======== DATA FOR ANALYSIS
(* Let $T$ be a complete first-order theory with monster model $\mathfrak C$, and let $p(\bar x)\in S(\emptyset)$ with $\bar x$ of length $<\kappa$. If $p(\bar x)$ is extremely amenable, then the set of realizations of $p$ in $\mathfrak C$ is a single Lascar strong type, and moreover $d_L(\bar\alpha,\bar\beta)\le 2$ for all realizations $\bar\alpha,\bar\beta$ of $p$. In particular, if $T$ is extremely amenable, then Lascar strong types coincide with complete types over $\emptyset$, i.e. the Lascar Galois group $\mathrm{Gal}_L(T)=\mathrm{Aut}(\mathfrak C)/\mathrm{Autf}_L(\mathfrak C)$ is trivial.
   Context: $\mathfrak C$ is $\kappa$-saturated and strongly $\kappa$-homogeneous for a large $\kappa$; ''small'' means of size $<\kappa$. For a type $\pi(\bar x)$ over $\emptyset$, $S_\pi(\mathfrak C)=\{q\in S_{\bar x}(\mathfrak C):\pi\subseteq q\}$. $\pi$ is extremely amenable if some $q\in S_\pi(\mathfrak C)$ is $\mathrm{Aut}(\mathfrak C)$-invariant; $T$ is extremely amenable if every type in $S(\emptyset)$, in any number of variables, is extremely amenable. $\mathrm{Autf}_L(\mathfrak C)$ is the subgroup of $\mathrm{Aut}(\mathfrak C)$ generated by automorphisms fixing pointwise some small elementary submodel; its orbits on tuples are the Lascar strong types ($E_L$-classes). The Lascar distance $d_L(\bar\alpha,\bar\beta)$ is the least $n$ such that there exist $\bar\alpha_0=\bar\alpha,\dots,\bar\alpha_n=\bar\beta$ and small models $M_0,\dots,M_{n-1}$ with $\bar\alpha_i\equiv_{M_i}\bar\alpha_{i+1}$ for $i<n$. *)

From Stdlib Require Import List Arith Fin.

Record language := Language {
  funcs : Type; rels : Type;
  farity : funcs -> nat; rarity : rels -> nat }.

Record structure (L : language) := Structure {
  carrier :> Type;
  funI : forall f : funcs L, (Fin.t (@farity L f) -> carrier) -> carrier;
  relI : forall r : rels L, (Fin.t (@rarity L r) -> carrier) -> Prop }.

Inductive term (L : language) (V : Type) : Type :=
| tvar : V -> term L V
| tapp : forall f : funcs L, (Fin.t (@farity L f) -> term L V) -> term L V.

Inductive formula (L : language) : Type -> Type :=
| feq  : forall V, term L V -> term L V -> formula L V
| frel : forall V (r : rels L), (Fin.t (@rarity L r) -> term L V) -> formula L V
| fneg : forall V, formula L V -> formula L V
| fand : forall V, formula L V -> formula L V -> formula L V
| fex  : forall V, formula L (option V) -> formula L V.

Arguments tvar {L V}.
Arguments tapp {L V}.
Arguments feq {L V}.
Arguments frel {L V}.
Arguments fneg {L V}.
Arguments fand {L V}.
Arguments fex {L V}.

Section Syntax.
Variable L : language.

Fixpoint trename {V W : Type} (f : V -> W) (t : term L V) : term L W :=
  match t with
  | tvar v => tvar (f v)
  | tapp g args => tapp g (fun i => trename f (args i))
  end.

Fixpoint rename {V W : Type} (f : V -> W) (phi : formula L V) : formula L W :=
  match phi in formula _ V0 return (V0 -> W) -> formula L W with
  | feq t1 t2 => fun f => feq (trename f t1) (trename f t2)
  | frel r args => fun f => frel r (fun i => trename f (args i))
  | fneg psi => fun f => fneg (rename f psi)
  | fand psi chi => fun f => fand (rename f psi) (rename f chi)
  | fex psi => fun f => fex (rename (option_map f) psi)
  end f.
End Syntax.

Section Semantics.
Variables (L : language) (M : structure L).

Fixpoint teval {V : Type} (e : V -> M) (t : term L V) : M :=
  match t with
  | tvar v => e v
  | tapp f args => @funI L M f (fun i => teval e (args i))
  end.

Definition extend {V : Type} (e : V -> M) (c : M) : option V -> M :=
  fun o => match o with Some v => e v | None => c end.

(* satisfaction with quantifiers relativized to D (D = everything gives the
   usual satisfaction in M; D a substructure gives satisfaction in D) *)
Fixpoint sat_in (D : M -> Prop) {V : Type} (phi : formula L V) : (V -> M) -> Prop :=
  match phi in formula _ V0 return (V0 -> M) -> Prop with
  | feq t1 t2 => fun e => teval e t1 = teval e t2
  | frel r args => fun e => @relI L M r (fun i => teval e (args i))
  | fneg psi => fun e => ~ sat_in D psi e
  | fand psi chi => fun e => sat_in D psi e /\ sat_in D chi e
  | fex psi => fun e => exists c, D c /\ sat_in D psi (extend e c)
  end.

Definition sat {V : Type} (phi : formula L V) (e : V -> M) : Prop :=
  sat_in (fun _ => True) phi e.

(* ---------- cardinalities: "|A| < kappa", kappa represented by a type K ---------- *)
Definition injective {A B : Type} (f : A -> B) := forall x y, f x = f y -> x = y.
Definition card_lt (A B : Type) : Prop :=
  (exists f : A -> B, injective f) /\ ~ (exists g : B -> A, injective g).
Definition small (K : Type) (A : Type) := card_lt A K.
Definition small_set (K : Type) (D : M -> Prop) := small K {x : M | D x}.

Definition elem_submodel (D : M -> Prop) : Prop :=
  (exists x, D x) /\
  (forall (f : funcs L) (args : Fin.t (@farity L f) -> M),
      (forall i, D (args i)) -> D (@funI L M f args)) /\
  (forall (V : Type) (phi : formula L V) (e : V -> M),
      (forall v, D (e v)) -> (sat_in D phi e <-> sat phi e)).

Definition small_model (K : Type) (D : M -> Prop) :=
  small_set K D /\ elem_submodel D.

Definition automorphism (s : M -> M) : Prop :=
  (exists t : M -> M, (forall x, s (t x) = x) /\ (forall x, t (s x) = x)) /\
  (forall f args, s (@funI L M f args) = @funI L M f (fun i => s (args i))) /\
  (forall r args, @relI L M r args <-> @relI L M r (fun i => s (args i))).

Definition fixes_pointwise (s : M -> M) (D : M -> Prop) := forall x, D x -> s x = x.

(* generators of Autf_L: automorphisms fixing pointwise a small elementary
   submodel.  This generating set is closed under inverses, so the generated
   subgroup consists of the finite compositions of generators. *)
Definition autf_generator (K : Type) (s : M -> M) :=
  automorphism s /\ exists D, small_model K D /\ fixes_pointwise s D.

Definition autfL (K : Type) (s : M -> M) : Prop :=
  exists l : list (M -> M), Forall (autf_generator K) l /\
    forall x, s x = fold_right (fun g h => fun y => g (h y)) (fun y => y) l x.

Section Tuples.
Variable X : Type.

(* a (X -> M) is an X-tuple; parameters from D are the extra variables *)
Definition env_over (D : M -> Prop) (a : X -> M) : X + {x : M | D x} -> M :=
  fun w => match w with inl x => a x | inr c => proj1_sig c end.

Definition env_global (a : X -> M) : X + M -> M :=
  fun w => match w with inl x => a x | inr c => c end.

Definition equiv_over (D : M -> Prop) (a b : X -> M) : Prop :=
  forall phi : formula L (X + {x : M | D x}),
    sat phi (env_over D a) <-> sat phi (env_over D b).

Definition same_type (a b : X -> M) : Prop :=
  forall phi : formula L X, sat phi a <-> sat phi b.

Definition fin_sat {W : Type} (ev : (X -> M) -> W -> M)
  (q : formula L W -> Prop) : Prop :=
  forall l : list (formula L W), Forall q l ->
    exists b : X -> M, Forall (fun phi => sat phi (ev b)) l.

Definition complete_type {W : Type} (ev : (X -> M) -> W -> M)
  (q : formula L W -> Prop) : Prop :=
  fin_sat ev q /\ forall phi, q phi \/ q (fneg phi).

Definition complete_type_empty (p : formula L X -> Prop) :=
  complete_type (fun b => b) p.

Definition global_type (q : formula L (X + M) -> Prop) :=
  complete_type env_global q.

Definition realizes (p : formula L X -> Prop) (a : X -> M) :=
  forall phi, p phi -> sat phi a.

Definition aut_invariant (q : formula L (X + M) -> Prop) : Prop :=
  forall s, automorphism s ->
    forall phi, q phi <-> q (@rename L _ _ (fun w => match w with
                                     | inl x => inl x | inr c => inr (s c) end) phi).

Definition extremely_amenable (p : formula L X -> Prop) : Prop :=
  exists q, global_type q /\ (forall phi, p phi -> q (@rename L _ _ inl phi)) /\
            aut_invariant q.

Definition lascar_equiv (K : Type) (a b : X -> M) : Prop :=
  exists s, autfL K s /\ forall x, s (a x) = b x.

Definition lascar_dist_le (K : Type) (n : nat) (a b : X -> M) : Prop :=
  exists m, m <= n /\
    exists chain : nat -> X -> M,
      (forall x, chain 0 x = a x) /\ (forall x, chain m x = b x) /\
      forall i, i < m -> exists D, small_model K D /\ equiv_over D (chain i) (chain (S i)).
End Tuples.

Definition saturated (K : Type) : Prop :=
  forall A : M -> Prop, small_set K A ->
    forall q : formula L (unit + {x : M | A x}) -> Prop,
      fin_sat unit (env_over unit A) q ->
      exists b : unit -> M, forall phi, q phi -> sat phi (env_over unit A b).

Definition strongly_homogeneous (K : Type) : Prop :=
  forall I : Type, small K I -> forall a b : I -> M, same_type I a b ->
    exists s, automorphism s /\ forall i, s (a i) = b i.

(* kappa is large: |L| + aleph_0 < kappa *)
Definition monster (K : Type) : Prop :=
  card_lt (funcs L + rels L + nat) K /\ saturated K /\ strongly_homogeneous K.

Definition theory_extremely_amenable (K : Type) : Prop :=
  forall X : Type, small K X -> forall p : formula L X -> Prop,
    complete_type_empty X p -> extremely_amenable X p.

End Semantics.

From Stdlib Require Import List Arith Lia Cantor.
From Stdlib Require Import Classical ClassicalEpsilon FunctionalExtensionality ProofIrrelevance.
From mathcomp Require boolp classical_sets.

(* Let q be an Aut-invariant global type extending p and fix a small model N.  A realization
   c of q|N realizes p, so for a realization a of p some automorphism s maps c to a, and by
   invariance a realizes q|s(N).  Likewise b realizes q|t(N).  Any c' realizing q over
   s(N) u t(N) then satisfies a == c' over s(N) and c' == b over t(N), so d_L(a,b) <= 2,
   and each of these steps is performed by an automorphism fixing a small model.  When T is
   extremely amenable this applies to the type of an enumeration of a small model N: every
   automorphism agrees on N with an element f of Autf_L, and f^-1 s fixes N.

   Small models exist by the downward Loewenheim-Skolem argument (a Skolem hull has size at
   most |L| + aleph_0 because |A x A| = |A| for infinite A), and saturation for small tuples
   follows from saturation in one variable by Zorn's lemma. *)

(** * Semantics *)

Section Semantics.
Variables (L : language) (M : structure L).

Lemma teval_ext {V} (e1 e2 : V -> M) (t : term L V) :
  (forall v, e1 v = e2 v) -> teval L M e1 t = teval L M e2 t.
Proof.
  intros H; induction t as [v|f args IH]; simpl; auto.
  f_equal; apply functional_extensionality; auto.
Qed.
================
Write out, from the lines above, only those from the line with "fin_sat unit (env_over unit A) q ->" to the line with "Definition monster (K", exactly as given, including the first and the last.

      fin_sat unit (env_over unit A) q ->
      exists b : unit -> M, forall phi, q phi -> sat phi (env_over unit A b).

Definition strongly_homogeneous (K : Type) : Prop :=
  forall I : Type, small K I -> forall a b : I -> M, same_type I a b ->
    exists s, automorphism s /\ forall i, s (a i) = b i.

(* kappa is large: |L| + aleph_0 < kappa *)
Definition monster (K : Type) : Prop :=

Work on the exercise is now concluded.